Multiple implementations arose to satisfy the specification, including reference and community-driven projects maintained by organizations such as Oracle Corporation, GlassFish community contributors, Eclipse Foundation projects, and third-party vendors like Yasson and others influenced by ecosystems around Jakarta EE, MicroProfile, and server runtimes from WildFly and Payara Server. Compatibility matrices addressed integration with Java SE versions, transitions to the Jakarta EE namespace, and interoperability with libraries like Jackson (software) and EclipseLink for JSON-B binding. Packaging and module descriptors were adapted to JPMS and OSGi environments common in enterprise distributions from Red Hat and IBM.

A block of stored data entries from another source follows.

(* Let $\mathcal{Q}=\{\mathcal{Q}^1,\dots,\mathcal{Q}^M\}$ be a set of $M$ pairwise distinct valid token sequences, and run beam search of width $M$ on the language model under grounded constrained decoding with respect to $\mathcal{Q}$. Then the set of complete sequences returned by the beam search is exactly $\{\mathcal{Q}^1,\dots,\mathcal{Q}^M\}$.
   Context: An autoregressive language model has a finite vocabulary $\mathcal{V}$ containing an end-of-sequence token $\langle eos\rangle$; given a prefix $(t_0,\dots,t_i)$ (possibly empty) it outputs logits $(\ell_{i+1}^{(x)})_{x\in\mathcal{V}}$, all finite real numbers. Each valid sequence $\mathcal{Q}^k=(n_0,\dots,n_{Q_k})\in\mathcal{V}^{Q_k+1}$ has variable length and contains $\langle eos\rangle$ exactly once, as its last token; $\mathcal{Q}^k_{0:j}$ denotes its length-$j$ prefix. Grounded constrained decoding: after prefix $(t_0,\dots,t_i)$, the valid-next-token set is $M_{i+1}=\{t\in\mathcal{V}:\exists k,\ \mathcal{Q}^k_{0:i+2}=(t_0,\dots,t_i,t)\}$ (for the empty prefix, the set of first tokens of the $\mathcal{Q}^k$); masked logits are $\tilde\ell_{i+1}^{(x)}=\ell_{i+1}^{(x)}$ if $x\in M_{i+1}$ and $-\infty$ otherwise; the constrained next-token probability $\tilde p(\cdot\mid t_0,\dots,t_i)$ is their softmax with $\exp(-\infty)=0$ (all probabilities $0$ if $M_{i+1}=\emptyset$); the constrained probability $\tilde p$ of a sequence is the product of its constrained conditional next-token probabilities. A sequence is complete if it ends in $\langle eos\rangle$. Beam search of width $M$: start from the empty hypothesis; at each step, every incomplete hypothesis is extended by every token of $\mathcal{V}$, complete hypotheses are carried over unchanged, hypotheses with constrained probability $0$ are discarded, and among the remaining ones the (at most) $M$ with the highest constrained probability are kept; the procedure stops when all kept hypotheses are complete and returns them. *)

From HB Require Import structures.
From mathcomp Require Import all_boot all_order all_algebra.
From mathcomp Require Import reals sequences exp.
Set Implicit Arguments. Unset Strict Implicit. Unset Printing Implicit Defensive.
Import Order.TTheory GRing.Theory Num.Theory.
Local Open Scope ring_scope.

Section Beam.
Variables (R : realType) (V : finType) (eos : V).
(* language model: prefix (t_0,...,t_i) |-> logits for the next token *)
Variable lm : seq V -> V -> R.
Variable Q : seq (seq V).

Definition valid_seq (q : seq V) : bool :=
  (q != [::]) && (last eos q == eos) && (count_mem eos q == 1%N).

Definition complete (h : seq V) : bool := (h != [::]) && (last eos h == eos).

Definition valid_next (p : seq V) : pred V :=
  fun t => has (fun q => take (size p).+1 q == rcons p t) Q.

Definition cprob (p : seq V) (x : V) : R :=
  if x \in valid_next p then
    expR (lm p x) / \sum_(y <- enum V | y \in valid_next p) expR (lm p y)
  else 0.

Definition seq_prob (h : seq V) : R :=
  \prod_(i < size h) cprob (take i h) (nth eos h i).

Definition candidates (B : seq (seq V)) : seq (seq V) :=
  [seq h <- flatten [seq (if complete h then [:: h]
                          else [seq rcons h x | x <- enum V]) | h <- B]
   | seq_prob h != 0].

(* one beam-search step of width w: keep (at most) w candidates of highest
   constrained probability (any tie-breaking allowed) *)
Definition beam_step (w : nat) (B B' : seq (seq V)) : Prop :=
  exists rest : seq (seq V),
    [/\ perm_eq (candidates B) (B' ++ rest),
        size B' = minn w (size (candidates B)) &
        forall x y, x \in B' -> y \in rest -> seq_prob y <= seq_prob x].

End Beam.

(* After n steps the beam is exactly the set of length-n prefixes of the
   sequences of Q (for n = 0, the empty hypothesis).  Indeed, under the
   grounded mask a hypothesis has positive probability iff it is such a
   prefix; proper prefixes of valid sequences are incomplete, while a prefix
   that is complete is the whole sequence and is carried over unchanged.  So
   the candidates of step n are the length-(n+1) prefixes, of which there are
   at most M: the beam keeps all of them.  Once n exceeds every length, all
   prefixes are the sequences of Q themselves, all complete. *)
From HB Require Import structures.
From mathcomp Require Import all_boot all_order all_algebra.
From mathcomp Require Import reals sequences exp.
From mathcomp Require Import zify.
Set Implicit Arguments. Unset Strict Implicit. Unset Printing Implicit Defensive.
Import Order.TTheory GRing.Theory Num.Theory.
Local Open Scope ring_scope.

Lemma uniq_flatten_map (T1 T2 : eqType) (f : T1 -> seq T2) (s : seq T1) :
  uniq s -> {in s, forall x, uniq (f x)} ->
  (forall x y z, x \in s -> y \in s -> z \in f x -> z \in f y -> x = y) ->
  uniq (flatten (map f s)).
Proof.
elim: s => //= a s IH /andP [a_s us] uf disj.
rewrite cat_uniq uf ?mem_head // IH //; last 2 first.
- by move=> x xs; rewrite uf // inE xs orbT.
- by move=> x y z xs ys; apply: disj; rewrite inE ?xs ?ys orbT.
rewrite andbT; apply/hasP => -[z /flatten_mapP [y ys zy] za].
have ay : a = y by apply: (disj a y z) => //; rewrite inE ?eqxx ?ys ?orbT.
by move: a_s; rewrite ay ys.
Qed.

Section ValidSequences.
Variables (V : finType) (eos : V).

Lemma complete_mem_eos h : complete eos h -> eos \in h.
Proof. by case: h => // a s /andP [_ /eqP <-] /=; exact: mem_last. Qed.

Lemma valid_complete q : valid_seq eos q -> complete eos q.
Proof. by case/andP => /andP [q_nil q_last] _; rewrite /complete q_nil q_last. Qed.

Lemma valid_take_incomplete q k : valid_seq eos q -> (k < size q)%N ->
  ~~ complete eos (take k q).
Proof.
case/andP=> /andP [_ q_last] /eqP count_eos k_lt; apply/negP => /complete_mem_eos.
have drop_complete : complete eos (drop k q).
  have : drop k q != [::] by rewrite -size_eq0 size_drop subn_eq0 -ltnNge.
  rewrite -(cat_take_drop k q) last_cat in q_last.
  by case: (drop k q) q_last.
move: count_eos (complete_mem_eos drop_complete).
rewrite -[q in count_mem _ q](cat_take_drop k q) count_cat.
by rewrite -!has_pred1 !has_count; lia.
Qed.

Lemma valid_take_complete q k : valid_seq eos q -> complete eos (take k q) ->
  take k q = q.
Proof.
move=> vq ck; case: (ltnP k (size q)) => k_lt; last exact: take_oversize.
by move: ck; rewrite (negbTE (valid_take_incomplete vq k_lt)).
Qed.

End ValidSequences.

Section GroundedBeam.
Variables (R : realType) (V : finType) (eos : V) (lm : seq V -> V -> R)
  (Q : seq (seq V)).
Hypothesis validQ : all (valid_seq eos) Q.

Local Notation seq_prob := (seq_prob eos lm Q).
Local Notation cprob := (cprob lm Q).
Local Notation complete := (complete eos).
Local Notation candidates := (candidates eos lm Q).

Lemma seq_prob_nil : seq_prob [::] = 1.
Proof. by rewrite /seq_prob big_ord0. Qed.

Lemma seq_prob_rcons p t : seq_prob (rcons p t) = seq_prob p * cprob p t.
Proof.
rewrite /seq_prob size_rcons big_ord_recr /= -cats1 take_size_cat //.
rewrite nth_cat ltnn subnn; congr (_ * _); apply: eq_bigr => i _.
by rewrite nth_cat (ltn_ord i) takel_cat //; exact: ltnW.
Qed.

Lemma cprob_neq0 p t : (cprob p t != 0) = (t \in valid_next Q p).
Proof.
rewrite /cprob; case: ifP => vt; last by rewrite eqxx.
rewrite mulf_neq0 ?(gt_eqF (expR_gt0 _)) // invr_neq0 // psumr_neq0.
  by apply/hasP; exists t; rewrite ?mem_enum // vt expR_gt0.
by move=> y _; rewrite ltW ?expR_gt0.
Qed.

Lemma seq_prob_take_neq0 q k : q \in Q -> seq_prob (take k q) != 0.
Proof.
move=> qQ; elim: k => [|k IH]; first by rewrite take0 seq_prob_nil oner_eq0.
case: (ltnP k (size q)) => k_lt.
  rewrite (take_nth eos k_lt) seq_prob_rcons mulf_neq0 // cprob_neq0.
  by apply/hasP; exists q; rewrite // size_take k_lt -take_nth.
by rewrite take_oversize ?leqW // -(take_oversize k_lt).
Qed.

(* At n = 0 the beam is the empty hypothesis even when Q is empty. *)
Definition frontier (n : nat) : seq (seq V) :=
  if n is 0 then [:: [::]] else undup [seq take n q | q <- Q].

Lemma frontier_uniq n : uniq (frontier n).
Proof. by case: n => [|n] //=; exact: undup_uniq. Qed.

Lemma size_frontier_succ n : (size (frontier n.+1) <= size Q)%N.
Proof. by rewrite (leq_trans (size_undup _)) ?size_map. Qed.

Lemma take_mem_frontier q n : q \in Q -> take n q \in frontier n.
Proof. by case: n => [|n] qQ; rewrite ?take0 ?mem_head // mem_undup map_f. Qed.

Lemma mem_frontier n h : h \in frontier n ->
  [/\ (size h <= n)%N, ~~ complete h -> size h = n & complete h -> h \in Q].
Proof.
case: n => [|n]; first by rewrite inE => /eqP ->.
rewrite mem_undup => /mapP [q qQ ->]; have vq := allP validQ q qQ.
rewrite size_take; split; first by case: ltnP.
  by case: ltnP => // le; rewrite take_oversize // valid_complete.
by move=> /(valid_take_complete vq) ->.
Qed.

Lemma frontier_complete n : all complete (frontier n) -> frontier n =i Q.
Proof.
move=> /allP all_c h; apply/idP/idP => [hF|hQ].
  by case: (mem_frontier hF) => _ _; apply; exact: all_c.
have vh := allP validQ h hQ; have hF := take_mem_frontier n hQ.
by rewrite -(valid_take_complete vh (all_c _ hF)).
Qed.

Lemma frontier_eventually_complete n :
  (\max_(q <- Q) size q < n)%N -> all complete (frontier n).
Proof.
case: n => // n max_lt; apply/allP => h; rewrite mem_undup => /mapP [q qQ ->].
rewrite take_oversize ?(valid_complete (allP validQ q qQ)) //.
exact: leq_trans (leq_bigmax_seq _ qQ _) (ltnW max_lt).
Qed.

Definition extend (h : seq V) : seq (seq V) :=
  if complete h then [:: h] else [seq rcons h t | t <- enum V].

Lemma candidatesE B :
  candidates B = [seq h <- flatten (map extend B) | seq_prob h != 0].
Proof. by []. Qed.

Lemma extend_take n h z : h \in frontier n -> z \in extend h -> take n z = h.
Proof.
case/mem_frontier=> size_h incomplete_h _; rewrite /extend.
case: ifP => [_|/negbT/incomplete_h <-]; first by rewrite inE => /eqP ->; exact: take_oversize.
by case/mapP=> t _ ->; rewrite -cats1 take_size_cat.
Qed.

Lemma candidates_uniq n B : perm_eq B (frontier n) -> uniq (candidates B).
Proof.
move=> BF; rewrite candidatesE filter_uniq //; apply: uniq_flatten_map.
- by rewrite (perm_uniq BF) frontier_uniq.
- move=> h _; rewrite /extend; case: ifP => // _.
  by rewrite map_inj_uniq ?enum_uniq // => s t /rcons_inj [].
- move=> x y z; rewrite !(perm_mem BF) => xF yF zx zy.
  by rewrite -(extend_take xF zx) (extend_take yF zy).
Qed.

Lemma mem_candidates n B : perm_eq B (frontier n) -> candidates B =i frontier n.+1.
Proof.
move=> BF z; rewrite candidatesE mem_filter mem_undup; apply/andP/mapP.
  case=> z_prob /flatten_mapP [h]; rewrite (perm_mem BF) => hF.
  case/mem_frontier: (hF) => size_h incomplete_h complete_h; rewrite /extend.
  case: ifP => [/complete_h hQ|/negbT/incomplete_h size_h_eq].
    by rewrite inE => /eqP ->; exists h; rewrite // take_oversize // leqW.
  case/mapP=> t _ z_eq; move: z_prob; rewrite z_eq seq_prob_rcons mulf_eq0 negb_or.
  case/andP=> _; rewrite cprob_neq0 => /hasP [q qQ /eqP].
  by rewrite size_h_eq => <-; exists q.
case=> q qQ ->; split; first exact: seq_prob_take_neq0.
apply/flatten_mapP; exists (take n q); first by rewrite (perm_mem BF) take_mem_frontier.
rewrite /extend; case: (ltnP n (size q)) => n_lt.
  rewrite (negbTE (valid_take_incomplete (allP validQ q qQ) n_lt)).
  by rewrite (take_nth eos n_lt) map_f ?mem_enum.
by rewrite !take_oversize ?valid_complete ?inE ?(allP validQ) // leqW.
Qed.

Lemma beam_step_keeps_all w B B' : (size (candidates B) <= w)%N ->
  beam_step eos lm Q w B B' -> perm_eq (candidates B) B'.
Proof.
move=> few [rest [cand_perm size_B' _]].
have rest_nil : rest = [::].
  apply/nilP; rewrite /nilp; move: (perm_size cand_perm).
  by rewrite size_cat size_B' (minn_idPr few) -{1}[size _]addn0 => /addnI <-.
by rewrite rest_nil cats0 in cand_perm.
Qed.

Lemma beam_step_frontier n B B' : perm_eq B (frontier n) ->
  beam_step eos lm Q (size Q) B B' -> perm_eq B' (frontier n.+1).
Proof.
move=> BF step; have cand_F : perm_eq (candidates B) (frontier n.+1).
  apply: uniq_perm; first exact: candidates_uniq BF.
    exact: frontier_uniq.
  exact: mem_candidates.
rewrite -(permPr cand_F) perm_sym (beam_step_keeps_all _ step) //.
by rewrite (perm_size cand_F) size_frontier_succ.
Qed.

End GroundedBeam.

Theorem lemma1p3 (R : realType) (V : finType) (eos : V)
    (lm : seq V -> V -> R) (Q : seq (seq V)) :
  uniq Q -> all (valid_seq eos) Q ->
  forall B : nat -> seq (seq V),
    B 0%N = [:: [::]] ->
    (forall n, ~~ all (complete eos) (B n) ->
       beam_step eos lm Q (size Q) (B n) (B n.+1)) ->
    exists n : nat,
      [/\ all (complete eos) (B n),
          (forall m, (m < n)%N -> ~~ all (complete eos) (B m)) &
          B n =i Q].
Proof.
move=> _ validQ B B0 step; pose stopped m := all (complete eos) (B m).
have beam_frontier n : (forall m, (m < n)%N -> ~~ stopped m) -> perm_eq (B n) (frontier Q n).
  elim: n => [_|n IH running]; first by rewrite B0.
  have B_n : perm_eq (B n) (frontier Q n).
    by apply: IH => m m_lt; rewrite running // ltnW.
  by have := beam_step_frontier validQ B_n (step _ (running n (ltnSn n))).
have [N stopped_N] : exists N, stopped N.
  pose N0 := (\max_(q <- Q) size q).+1.
  case: (boolP [exists m : 'I_N0, stopped m]) => [/existsP [m] | /existsPn none]; first by exists m.
  exists N0; rewrite /stopped (perm_all _ (beam_frontier N0 _)).
    exact: frontier_eventually_complete.
  by move=> m m_lt; exact: none (Ordinal m_lt).
have [n stopped_n first_n] := ex_minnP (ex_intro stopped N stopped_N).
have running m : (m < n)%N -> ~~ stopped m.
  by move=> m_lt; apply/negP => /first_n; rewrite leqNgt m_lt.
have BF := beam_frontier n running; exists n; split=> // h.
rewrite (perm_mem BF) (frontier_complete validQ) //.
by rewrite -(perm_all _ BF).
Qed.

Performance profiles compare the memory and throughput characteristics of the object model versus streaming model, with benchmarks often referencing tooling from JMH and continuous integration systems used by vendors like Travis CI and Jenkins. Streaming parsers minimize garbage creation, which matters for latency-sensitive services deployed on platforms such as Kubernetes and Docker. Security considerations include defenses against malformed input, protection from entity expansion or recursive structures referenced in advisories issued by vendors including Oracle Corporation and Red Hat, secure handling of character encodings as guided by IETF standards, and safe default behaviors for numeric precision to mitigate interoperability bugs reported in large-scale systems like those managed by Netflix and LinkedIn. Best practices align with recommendations from OWASP for preventing injection attacks and ensuring safe logging and exception handling.
Adoption spans Java web frameworks, application servers, microprofile ecosystems, and cloud-native toolchains. Projects and organizations integrating the API include Apache Tomcat, Eclipse GlassFish, WildFly, Payara, Spring Framework-based applications, Quarkus extensions, and tooling from Maven and Gradle. The ecosystem includes adapters and converters for popular persistence solutions like Hibernate, connectors for messaging platforms such as Apache Kafka and ActiveMQ, and developer tooling in IDEs like Eclipse (software), IntelliJ IDEA, and NetBeans. Continued maintenance and community engagement occur through mailing lists, issue trackers, and contribution workflows hosted by foundations and vendors, ensuring the API remains relevant alongside evolving standards in the Java Platform, Standard Edition and cloud-native landscapes.